**Task directions**
Please return exactly the lines from the one containing "cbn [combine map" through the end of the records, including both.

**Input records**
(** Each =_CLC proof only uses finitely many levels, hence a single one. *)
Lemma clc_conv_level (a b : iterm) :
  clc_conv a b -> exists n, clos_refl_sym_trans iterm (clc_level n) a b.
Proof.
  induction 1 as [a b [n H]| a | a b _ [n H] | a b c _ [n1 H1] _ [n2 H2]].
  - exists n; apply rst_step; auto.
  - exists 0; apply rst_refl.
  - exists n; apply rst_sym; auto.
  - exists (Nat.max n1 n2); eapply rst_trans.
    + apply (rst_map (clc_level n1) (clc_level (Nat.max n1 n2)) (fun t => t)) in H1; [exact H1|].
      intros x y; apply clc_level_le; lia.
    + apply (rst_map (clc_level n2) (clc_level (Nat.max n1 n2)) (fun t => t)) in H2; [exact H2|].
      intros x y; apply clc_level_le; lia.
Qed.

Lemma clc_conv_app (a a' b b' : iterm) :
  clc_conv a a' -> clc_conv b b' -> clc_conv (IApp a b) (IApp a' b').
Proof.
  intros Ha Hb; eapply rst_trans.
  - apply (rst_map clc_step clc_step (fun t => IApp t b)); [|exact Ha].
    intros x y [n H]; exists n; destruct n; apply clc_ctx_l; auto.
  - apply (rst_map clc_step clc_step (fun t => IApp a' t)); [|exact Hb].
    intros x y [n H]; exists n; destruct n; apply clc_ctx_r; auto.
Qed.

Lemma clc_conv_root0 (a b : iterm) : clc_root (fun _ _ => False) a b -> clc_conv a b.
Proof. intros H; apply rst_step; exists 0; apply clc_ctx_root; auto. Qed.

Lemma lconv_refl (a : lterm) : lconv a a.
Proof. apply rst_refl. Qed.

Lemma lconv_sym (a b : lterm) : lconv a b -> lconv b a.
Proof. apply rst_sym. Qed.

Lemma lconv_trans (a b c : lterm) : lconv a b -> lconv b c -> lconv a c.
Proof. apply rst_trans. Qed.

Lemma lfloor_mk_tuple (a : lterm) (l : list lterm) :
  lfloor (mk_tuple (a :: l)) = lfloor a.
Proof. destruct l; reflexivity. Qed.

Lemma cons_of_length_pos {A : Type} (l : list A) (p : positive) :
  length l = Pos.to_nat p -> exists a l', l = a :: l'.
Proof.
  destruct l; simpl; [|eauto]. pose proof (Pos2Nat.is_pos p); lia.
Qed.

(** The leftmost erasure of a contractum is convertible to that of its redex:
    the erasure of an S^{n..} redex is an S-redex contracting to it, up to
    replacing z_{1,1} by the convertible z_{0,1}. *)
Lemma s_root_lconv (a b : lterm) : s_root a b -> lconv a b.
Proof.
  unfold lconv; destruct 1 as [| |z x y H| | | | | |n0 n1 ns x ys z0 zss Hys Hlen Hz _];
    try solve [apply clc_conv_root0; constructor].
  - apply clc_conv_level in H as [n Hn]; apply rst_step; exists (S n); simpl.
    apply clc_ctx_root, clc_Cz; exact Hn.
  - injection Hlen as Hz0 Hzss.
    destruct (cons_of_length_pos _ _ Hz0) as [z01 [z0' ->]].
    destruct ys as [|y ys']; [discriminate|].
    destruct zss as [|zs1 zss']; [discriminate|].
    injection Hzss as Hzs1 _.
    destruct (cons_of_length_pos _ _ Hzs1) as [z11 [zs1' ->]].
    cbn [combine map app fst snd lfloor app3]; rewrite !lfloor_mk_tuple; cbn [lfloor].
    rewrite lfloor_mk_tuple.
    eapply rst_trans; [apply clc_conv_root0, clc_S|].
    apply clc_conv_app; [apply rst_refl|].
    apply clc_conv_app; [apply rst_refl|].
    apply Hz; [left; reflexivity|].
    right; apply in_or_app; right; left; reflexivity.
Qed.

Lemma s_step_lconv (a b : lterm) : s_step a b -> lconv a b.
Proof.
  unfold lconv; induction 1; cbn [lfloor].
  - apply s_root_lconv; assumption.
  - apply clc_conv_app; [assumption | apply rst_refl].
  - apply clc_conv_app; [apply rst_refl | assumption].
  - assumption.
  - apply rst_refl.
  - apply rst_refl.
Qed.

**Answer to this task**
    cbn [combine map app fst snd lfloor app3]; rewrite !lfloor_mk_tuple; cbn [lfloor].
    rewrite lfloor_mk_tuple.
    eapply rst_trans; [apply clc_conv_root0, clc_S|].
    apply clc_conv_app; [apply rst_refl|].
    apply clc_conv_app; [apply rst_refl|].
    apply Hz; [left; reflexivity|].
    right; apply in_or_app; right; left; reflexivity.
Qed.

Lemma s_step_lconv (a b : lterm) : s_step a b -> lconv a b.
Proof.
  unfold lconv; induction 1; cbn [lfloor].
  - apply s_root_lconv; assumption.
  - apply clc_conv_app; [assumption | apply rst_refl].
  - apply clc_conv_app; [apply rst_refl | assumption].
  - assumption.
  - apply rst_refl.
  - apply rst_refl.
Qed.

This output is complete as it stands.